Lemma ae_eq_on_horner_inj (p q : {poly R}) : 0 < xi ->
  ae_eq_on xi (horner p) (horner q) -> p = q.
Proof.
move=> xi_gt0 pq_ae; apply/eqP; rewrite -subr_eq0; apply/negP => /negP pq_neq0.
(* [roots] enumerates the roots in an open interval, so take one around [0, xi]. *)
set rs := roots (p - q) (-1) (xi + 1).
have rs_negligible : mu.-negligible [set` rs].
  have rs_countable : countable [set` rs] by exact/finite_set_countable/finite_seq.
  apply/negligibleP; last exact: countable_lebesgue_measure0.
  by apply: countable_measurable => // t; exact: measurable_set1.
have : mu.-negligible (I0 xi).
  apply: negligibleS (negligibleU pq_ae rs_negligible) => x Ix.
  have [pqx|pqx] := eqVneq p.[x] q.[x]; last by left => /(_ Ix); exact/eqP.
  right; rewrite /= -(roots_on_roots _ _ pq_neq0) rootE !hornerE pqx subrr eqxx andbT.
  by move: Ix; rewrite /I0 /= !in_itv /= => /andP[? ?]; apply/andP; split; lra.
have := lebesgue_measure_itv `[0, xi]%R; rewrite /= lte_fin xi_gt0 oppr0 adde0.
move=> mu_I0 /(negligibleP _ measurable_I0) I0_null.
have : mu (I0 xi) = 0 := I0_null.
by rewrite /I0 mu_I0 => /eqP; rewrite eqe gt_eqF.
Qed.

End PolynomialsOnSegment.

Lemma rVpolyE (R : nzSemiRingType) n (c : 'rV[R]_n) :
  rVpoly c = \sum_(j < n) c 0 j *: 'X^j.
Proof.
rewrite {1}[c]row_sum_delta linear_sum.
by apply: eq_bigr => j _; rewrite linearZ /= rVpoly_delta.
Qed.

Lemma horner_rVpoly_sum (R : comNzRingType) n (c : 'rV[R]_n) x :
  (rVpoly c).[x] = \sum_(j < n) c 0 j * x ^+ j.
Proof.
by rewrite rVpolyE horner_sum; apply: eq_bigr => j _; rewrite hornerZ hornerXn.
Qed.

Section KernelExpansion.
Variable R : comNzRingType.

Definition kernel_coef (k : {poly R}) (i : nat) : {poly R} := k^`N(i) \Po (- 'X).

Lemma horner_sub_kernel_coef (k : {poly R}) (x t : R) :
  k.[x - t] = \sum_(i < size k) (kernel_coef k i).[t] * x ^+ i.
Proof.
rewrite addrC nderiv_taylor; last exact: mulrC.
by apply: eq_bigr => i _; rewrite horner_comp hornerN hornerX.
Qed.

End KernelExpansion.
Arguments kernel_coef {R}.

Lemma inv_double_sqr_frac (F : numFieldType) (h p q : F) :
  q != 0 -> h = p / q -> h != 0 ->
  p ^+ 2 *+ 2 != 0 /\ 1 / (2 * h ^+ 2) = q ^+ 2 / (p ^+ 2 *+ 2).
Proof.
move=> q_neq0 -> h_neq0; have p_neq0 : p != 0 by apply: contraNneq h_neq0 => ->; rewrite mul0r.
split; first by rewrite mulrn_eq0 expf_eq0 (negbTE p_neq0).
by field; rewrite p_neq0 q_neq0.
Qed.

Section DegenerateKernel.
Context {R : realType} (k : {poly R}).
Local Notation mu := (@lebesgue_measure R).
Local Notation n := (size k).
Local Notation evmx xi := (map_mx (horner_eval xi)).

Definition moments (xi : R) (f : R -> R) : 'rV[R]_n :=
  \row_i Rintegral mu (I0 xi) (fun t => f t * (kernel_coef k i).[t]).

Lemma Rintegral_kernel xi f x : L2on xi f ->
  Rintegral mu (I0 xi) (fun t => f t * k.[x - t]) = (rVpoly (moments xi f)).[x].
Proof.
move=> f_L2; under eq_Rintegral => t _.
  rewrite horner_sub_kernel_coef mulr_sumr.
  under eq_bigr => i _ do rewrite -[x ^+ i](hornerC _ t) -hornerM.
  over.
rewrite (Rintegral_sum measurable_I0); last by move=> i; exact: L2on_integrable_mulr_horner.
rewrite horner_rVpoly_sum; apply: eq_bigr => i _; rewrite mxE -RintegralZr.
- by apply: eq_Rintegral => t _; rewrite hornerM hornerC mulrA.
- exact: measurable_I0.
- exact: L2on_integrable_mulr_horner.
Qed.

Lemma moments_ae_eq xi f g : L2on xi f -> L2on xi g -> ae_eq_on xi f g ->
  moments xi f = moments xi g.
Proof.
move=> f_L2 g_L2 fg; apply/rowP => i; rewrite !mxE /Rintegral; congr fine.
refine (ae_eq_integral _ _ measurable_I0 _ _ _).
- exact: (measurable_int mu (L2on_integrable_mulr_horner _ _ f_L2)).
- exact: (measurable_int mu (L2on_integrable_mulr_horner _ _ g_L2)).
- have fg_ae : ae_eq mu (I0 xi) f g := fg.
  by apply: ae_eq_comp; apply: ae_eq_mul2r.
Qed.

Definition poly_moments (p : {poly R}) : 'rV[{poly R}]_n :=
  \row_i antideriv (p * kernel_coef k i).

Lemma moments_horner xi p : 0 < xi ->
  moments xi (horner p) = evmx xi (poly_moments p).
Proof.
move=> xi_gt0; apply/rowP => i; rewrite !mxE horner_evalE -Rintegral_horner //.
by apply: eq_Rintegral => t _; rewrite -hornerM.
Qed.

Definition kernel_mx : 'M[{poly R}]_n := \matrix_(j < n) poly_moments 'X^j.

Lemma poly_moments_rVpoly xi (c : 'rV[R]_n) :
  evmx xi (poly_moments (rVpoly c)) = c *m evmx xi kernel_mx.
Proof.
apply/rowP => i; rewrite !mxE horner_evalE rVpolyE mulr_suml linear_sum horner_sum.
by apply: eq_bigr => j _; rewrite !mxE horner_evalE -scalerAl linearZ /= hornerZ.
Qed.

Definition system_mx : 'M[{poly R}]_n := 1 + kernel_mx.

Lemma Sop_rVpoly xi (c : 'rV[R]_n) x : 0 < xi ->
  Sop k xi (horner (rVpoly c)) x = (rVpoly (c *m evmx xi system_mx)).[x].
Proof.
move=> xi_gt0; rewrite /Sop Rintegral_kernel; last exact: L2on_horner.
rewrite moments_horner // poly_moments_rVpoly.
by rewrite map_mxD map_mx1 mulmxDr mulmx1 linearD hornerD.
Qed.

Lemma det_system_mx_neq0 xi : 0 < xi -> S_invertible k xi ->
  \det (evmx xi system_mx) != 0.
Proof.
move=> xi_gt0 [_ S_inj]; apply/negP => /det0P[c c_neq0 cA0].
suff : rVpoly c = rVpoly (0 : 'rV_n).
  by move/(can_inj rVpolyK)/eqP; rewrite (negbTE c_neq0).
apply: (ae_eq_on_horner_inj _ _ xi_gt0); apply: S_inj; try exact: L2on_horner.
by apply: aeW => x _; rewrite !Sop_rVpoly // cA0 mul0mx.
Qed.

Lemma moments_solution xi g : 0 < xi -> L2on xi g ->
  ae_eq_on xi (Sop k xi g) (fun=> 1) ->
  moments xi g *m evmx xi system_mx = evmx xi (poly_moments 1).
Proof.
move=> xi_gt0 g_L2 Sg1; set m := moments xi g.
have g_poly : ae_eq_on xi g (horner (1 - rVpoly m)).
  move: Sg1; apply: filterS; first exact: (ae_filter_ringOfSetsType mu).
  move=> x + Ix => /(_ Ix); rewrite /Sop Rintegral_kernel // hornerD hornerN hornerC => <-.
  by rewrite addrK.
have : m = moments xi (horner (1 - rVpoly m)).
  by apply: moments_ae_eq => //; exact: L2on_horner.
rewrite moments_horner //.
have -> : poly_moments (1 - rVpoly m) = poly_moments 1 - poly_moments (rVpoly m).
  by apply/rowP => i; rewrite !mxE mulrBl linearB.
rewrite map_mxB poly_moments_rVpoly => m_eq.
by rewrite map_mxD map_mx1 mulmxDr mulmx1 {1}m_eq subrK.
Qed.

Definition h2_den : {poly R} := \det system_mx.

Definition h2_num : {poly R} :=
  h2_den - \sum_(i < n) (poly_moments 1 *m \adj system_mx) 0 i * 'X^i.

Lemma h2_rational xi g : 0 < xi -> S_invertible k xi -> L2on xi g ->
  ae_eq_on xi (Sop k xi g) (fun=> 1) ->
  h2_den.[xi] != 0 /\ h2_of k xi g = h2_num.[xi] / h2_den.[xi].
Proof.
move=> xi_gt0 S_inv g_L2 Sg1.
have det_xi : \det (evmx xi system_mx) = h2_den.[xi] by rewrite det_map_mx.
have den_neq0 : h2_den.[xi] != 0 by rewrite -det_xi det_system_mx_neq0.
split=> //.
have unit_xi : evmx xi system_mx \in unitmx by rewrite unitmxE unitfE det_xi.
have m_eq : moments xi g = h2_den.[xi]^-1 *: evmx xi (poly_moments 1 *m \adj system_mx).
  rewrite -(mulmxK unit_xi (moments xi g)) moments_solution //.
  by rewrite /invmx unit_xi det_xi -scalemxAr map_mxM map_mx_adj.
rewrite /h2_of Rintegral_kernel // m_eq horner_rVpoly_sum.
rewrite /h2_num hornerD hornerN [(\sum_(i < n) _ * 'X^i).[xi]]horner_sum.
rewrite mulrBl divff //; congr (1 - _).
rewrite mulr_suml; apply: eq_bigr => i _.
by rewrite !mxE hornerM hornerXn horner_evalE; ring.
Qed.

End DegenerateKernel.

Theorem theorem8p1 (R : realType) (k : {poly R})
    (k_even : forall x : R, k.[- x] = k.[x]) :
  (exists p q : {poly R},
     forall (xi : R), 0 < xi -> S_invertible k xi ->
     forall g : R -> R, L2on xi g -> ae_eq_on xi (Sop k xi g) (fun _ => 1) ->
       q.[xi] != 0 /\ h2_of k xi g = p.[xi] / q.[xi])
  /\
  (exists p q : {poly R},
     forall (xi : R), 0 < xi -> S_invertible k xi ->
     forall g : R -> R, L2on xi g -> ae_eq_on xi (Sop k xi g) (fun _ => 1) ->
       h2_of k xi g != 0 ->
       q.[xi] != 0 /\ 1 / (2 * (h2_of k xi g) ^+ 2) = p.[xi] / q.[xi]).
Proof.
split; first by exists (h2_num k), (h2_den k) => xi *; exact: h2_rational.
exists (h2_den k ^+ 2), (h2_num k ^+ 2 *+ 2) => xi xi_gt0 S_inv g g_L2 Sg1 h2_neq0.
have [den_neq0 h2E] := h2_rational k xi g xi_gt0 S_inv g_L2 Sg1.
by rewrite hornerMn !horner_exp; exact: inv_double_sqr_frac.
Qed.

★ ★ ★ ★

Could you retype exactly the lines from the first one of the records through the line containing "Lemma horner_rVpoly_sum (R", both included, and nothing more?

Answer below:
Lemma ae_eq_on_horner_inj (p q : {poly R}) : 0 < xi ->
  ae_eq_on xi (horner p) (horner q) -> p = q.
Proof.
move=> xi_gt0 pq_ae; apply/eqP; rewrite -subr_eq0; apply/negP => /negP pq_neq0.
(* [roots] enumerates the roots in an open interval, so take one around [0, xi]. *)
set rs := roots (p - q) (-1) (xi + 1).
have rs_negligible : mu.-negligible [set` rs].
  have rs_countable : countable [set` rs] by exact/finite_set_countable/finite_seq.
  apply/negligibleP; last exact: countable_lebesgue_measure0.
  by apply: countable_measurable => // t; exact: measurable_set1.
have : mu.-negligible (I0 xi).
  apply: negligibleS (negligibleU pq_ae rs_negligible) => x Ix.
  have [pqx|pqx] := eqVneq p.[x] q.[x]; last by left => /(_ Ix); exact/eqP.
  right; rewrite /= -(roots_on_roots _ _ pq_neq0) rootE !hornerE pqx subrr eqxx andbT.
  by move: Ix; rewrite /I0 /= !in_itv /= => /andP[? ?]; apply/andP; split; lra.
have := lebesgue_measure_itv `[0, xi]%R; rewrite /= lte_fin xi_gt0 oppr0 adde0.
move=> mu_I0 /(negligibleP _ measurable_I0) I0_null.
have : mu (I0 xi) = 0 := I0_null.
by rewrite /I0 mu_I0 => /eqP; rewrite eqe gt_eqF.
Qed.

End PolynomialsOnSegment.

Lemma rVpolyE (R : nzSemiRingType) n (c : 'rV[R]_n) :
  rVpoly c = \sum_(j < n) c 0 j *: 'X^j.
Proof.
rewrite {1}[c]row_sum_delta linear_sum.
by apply: eq_bigr => j _; rewrite linearZ /= rVpoly_delta.
Qed.

Lemma horner_rVpoly_sum (R : comNzRingType) n (c : 'rV[R]_n) x :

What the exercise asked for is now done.